The Biggest Mistakes (And How to Avoid Them)
1. CLAUDE.md Bloat
The developer's first mistake was treating CLAUDE.md as a dumping ground. "Every line above the 200-line threshold is making the lines below it less effective," they warn. Anthropic's documentation explicitly recommends keeping files under 200 lines—take this seriously.
Fix: Use the provided templates (templates/global/CLAUDE.md and templates/project/CLAUDE.md), both under 60 lines each.
2. Overusing Vector Stores
They set up Qdrant early and dumped session learnings into it. Six months later: 451 points, most never retrieved. "The wiki could have solved 95% of what I was using it for."
Fix: Implement Layer 4 (wiki) first. Only add vector search when keyword lookups consistently fail.
3. Ignoring Path-Scoped Rules
Before moving Kubernetes conventions from the monolithic CLAUDE.md to .claude/rules/kubernetes.md, baseline context load was 500-800 tokens higher for every session—whether editing K8s or not.
Fix: Use the pattern immediately. Create rules like:
# .claude/rules/kubernetes.md
When editing files matching kubernetes/**, apply these conventions:
- Use kustomize over helm where possible
- Always include resource limits
- ...
4. Premature Cognitive Memory
They set up MSAM (an ACT-R-inspired memory system) for three months before having a single use case that needed temporal dynamics. "Skipping to Layer 6 before Layers 4-5 are mature is the classic over-engineering trap."
Fix: Stop at Layer 4 for at least a month. Only add Layers 5-6 when wiki limitations become obvious from actual use.
What's in the Repository
The agent-memory-architecture repo is template-heavy, not a framework. Key components:
- Sanitized templates for global/project
CLAUDE.mdfiles - Path-scoped rule examples for Kubernetes, Terraform, Dockerfiles, and wiki editing
- Memory file templates with YAML frontmatter for organization
- Utility scripts including:
rebuild-memory-index.py- audits for orphans, stale content, oversized filesbuild-wiki-graph.py- generates interactive graphs of your wiki's wikilinkscheck-sanitization.sh- pre-publish scanner for secrets and personal data
One-Line Installer (With Safety)

curl -sSL https://raw.githubusercontent.com/futhgar/agent-memory-architecture/main/bootstrap.sh | bash -s -- --layer=2
The installer auto-detects your agent (Claude Code, Cursor, or Aider), backs up existing files, and drops in templates.

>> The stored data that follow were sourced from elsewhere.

Lemma pi3_lt_2 : pi3 < 2.
Proof. unfold pi3; generalize PI_4; lra. Qed.

Lemma pi3_lt_PI : pi3 < PI.
Proof. unfold pi3; generalize PI_RGT_0; lra. Qed.

Definition SLs_span (k : nat) (x : R) : Prop :=
  exists c : nat -> Q, x = sum_n_m (fun k1 => Q2R (c k1) * PI ^ (k - k1) * SLs1 k1) 2 k.

Definition pi_span (k : nat) (x : R) : Prop := exists r, rational r /\ x = r * PI ^ k.

(* Odd weights such as [zeta (2 j + 1)] go to [SLs_span], even ones to [pi_span]. *)
Definition weight_span (odd : bool) (k : nat) : R -> Prop :=
  if odd then SLs_span k else pi_span k.

Lemma SLs_span_Q_subspace k : Q_subspace (SLs_span k).
Proof.
  split.
  - exists (fun _ => 0%Q); rewrite <- (sum_n_m_R0 2 k).
    apply sum_n_m_ext; intros; rewrite RMicromega.Q2R_0; simpl; ring.
  - intros x y [c ->] [d ->]; exists (fun i => (c i + d i)%Q).
    rewrite <- sum_n_m_Rplus; apply sum_n_m_ext; intros; rewrite Q2R_plus; simpl; ring.
  - intros r x [q ->] [c ->]; exists (fun i => (q * c i)%Q).
    rewrite <- sum_n_m_Rmult_l; apply sum_n_m_ext; intros; rewrite Q2R_mult; simpl; ring.
Qed.

Lemma pi_span_Q_subspace k : Q_subspace (pi_span k).
Proof.
  split.
  - exists 0; split; [apply rational_0|ring].
  - intros x y [r [Hr ->]] [s [Hs ->]]; exists (r + s); split; [apply rational_plus; assumption|ring].
  - intros r x Hr [s [Hs ->]]; exists (r * s); split; [apply rational_mult; assumption|ring].
Qed.

Lemma weight_span_Q_subspace odd k : Q_subspace (weight_span odd k).
Proof. destruct odd; [apply SLs_span_Q_subspace|apply pi_span_Q_subspace]. Qed.

Lemma SLs_span_SLs1 k : (2 <= k)%nat -> SLs_span k (SLs1 k).
Proof.
  intros Hk; exists (fun i => if Nat.eqb i k then 1%Q else 0%Q).
  destruct k as [|[|k]]; try lia.
  rewrite (sum_n_m_Chasles _ 2 (S k) (S (S k))), sum_n_n by lia.
  rewrite Nat.eqb_refl, RMicromega.Q2R_1, Nat.sub_diag.
  rewrite (sum_n_m_ext_loc _ (fun _ => 0)), sum_n_m_R0.
  - unfold plus; simpl; ring.
  - intros i Hi; replace (Nat.eqb i (S (S k))) with false by (symmetry; apply Nat.eqb_neq; lia).
    rewrite RMicromega.Q2R_0; simpl; ring.
Qed.

Lemma SLs_span_mul_PI_pow k i x : SLs_span k x -> SLs_span (k + i) (PI ^ i * x).
Proof.
  intros [c ->]; destruct (Compare_dec.le_lt_dec k 1) as [Hk|Hk].
  - rewrite sum_n_m_zero by lia; unfold zero; simpl; rewrite Rmult_0_r.
    apply (Q_subspace_0 _ (SLs_span_Q_subspace _)).
  - exists (fun j => if Nat.leb j k then c j else 0%Q).
    rewrite (sum_n_m_Chasles _ 2 k (k + i)) by lia.
    rewrite (sum_n_m_ext_loc _ (fun _ => 0) (S k)), sum_n_m_R0.
    2: { intros j Hj; replace (Nat.leb j k) with false by (symmetry; apply Nat.leb_gt; lia).
         rewrite RMicromega.Q2R_0; simpl; ring. }
    unfold plus; simpl; rewrite Rplus_0_r, <- sum_n_m_Rmult_l.
    apply sum_n_m_ext_loc; intros j Hj.
    replace (Nat.leb j k) with true by (symmetry; apply Nat.leb_le; lia).
    replace (k + i - j)%nat with (i + (k - j))%nat by lia.
    rewrite pow_add; simpl; ring.
Qed.

Lemma weight_span_mul_PI_pow odd k i x :
  weight_span odd k x -> weight_span odd (k + i) (PI ^ i * x).
Proof.
  destruct odd; simpl; [apply SLs_span_mul_PI_pow|].
  intros [r [Hr ->]]; exists r; split; [exact Hr|rewrite pow_add; ring].
Qed.

Lemma weight_span_mul_opp_pi3_pow odd k i x :
  weight_span odd k x -> weight_span odd (k + i) ((- pi3) ^ i * x).
Proof.
  intros Hx; replace ((- pi3) ^ i * x) with ((- / 3) ^ i * (PI ^ i * x)).
  - apply (Q_subspace_scal _ (weight_span_Q_subspace _ _)).
    + apply rational_pow, rational_opp, rational_inv.
      replace 3 with (INR 3) by (simpl; ring); apply rational_INR.
    + apply weight_span_mul_PI_pow; exact Hx.
  - unfold pi3; rewrite <- Rmult_assoc, <- Rpow_mult_distr; f_equal; f_equal; field.
Qed.

(** * [zeta] and [Re Li_k (pi / 3)] *)

Definition zeta (k : nat) : R := Series (fun j => / INR (S j) ^ k).

(* The negative of Dirichlet's eta function. *)
Definition alt_zeta (k : nat) : R := Series (fun j => (-1) ^ S j / INR (S j) ^ k).

Lemma ex_series_alt_zeta k : (1 <= k)%nat -> ex_series (fun j => (-1) ^ S j / INR (S j) ^ k).
Proof.
  intros Hk; destruct (alternated_series (fun j => / INR (S j) ^ k)) as [l Hl].
  - intros n; apply Rinv_le_contravar; [apply pow_lt, INR_S_pos|].
    apply pow_incr; split; [apply Rlt_le, INR_S_pos|apply le_INR; lia].
  - apply is_lim_seq_Reals; destruct k as [|k]; [lia|apply is_lim_seq_inv_pow_INR_S].
  - exists (- l).
    apply (is_series_ext (fun n => opp (tg_alt (fun j => / INR (S j) ^ k) n))).
    + intros n; unfold tg_alt, opp; simpl; unfold Rdiv; ring.
    + apply (is_series_opp _ l), is_series_iff_is_lim_seq.
      apply (is_lim_seq_ext (sum_f_R0 (tg_alt (fun j => / INR (S j) ^ k)))).
      * intros N; now rewrite sum_n_Reals.
      * apply is_lim_seq_Reals, Hl.
Qed.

Use --dry-run first—the author wouldn't blind-trust someone else's curl-bash either.
What Most Teams Should Actually Use
Honestly: Skip Layer 6 unless you already know you need it. The cognitive memory layer is the most opinionated and least-validated part. MSAM is research-grade; Zep and Letta are production alternatives. All require infrastructure and conceptual work.
The repo's docs/getting-started.md includes a decision tree:
- Is your
CLAUDE.mdover 200 lines? Yes → try Layer 3 (path-scoped rules) - No → stay at Layer 2
- Most teams should stop at Layer 4 (wiki)
Validation Is Critical
Mid-project, the developer discovered their MSAM MCP integration was silently broken—the wrapper path in .claude.json pointed to a non-existent file. Every "use MSAM for this" instruction had been ignored for weeks.
Lesson: When you configure any memory system, test the round-trip (store → recall) before trusting it works. Configuration isn't validation.
Start Simple, Scale Only When Needed
The architecture's power comes from its incremental nature. Start with clean CLAUDE.md files under 60 lines. Add path-scoped rules when context bloat becomes noticeable. Build a wiki before considering vector search. Only reach for cognitive memory when you have clear temporal dynamics that flat files can't express.
The repository exists so you can see what the whole road looks like—not because everyone should walk it. Most developers will find dramatic improvements just by implementing Layers 2-4 properly.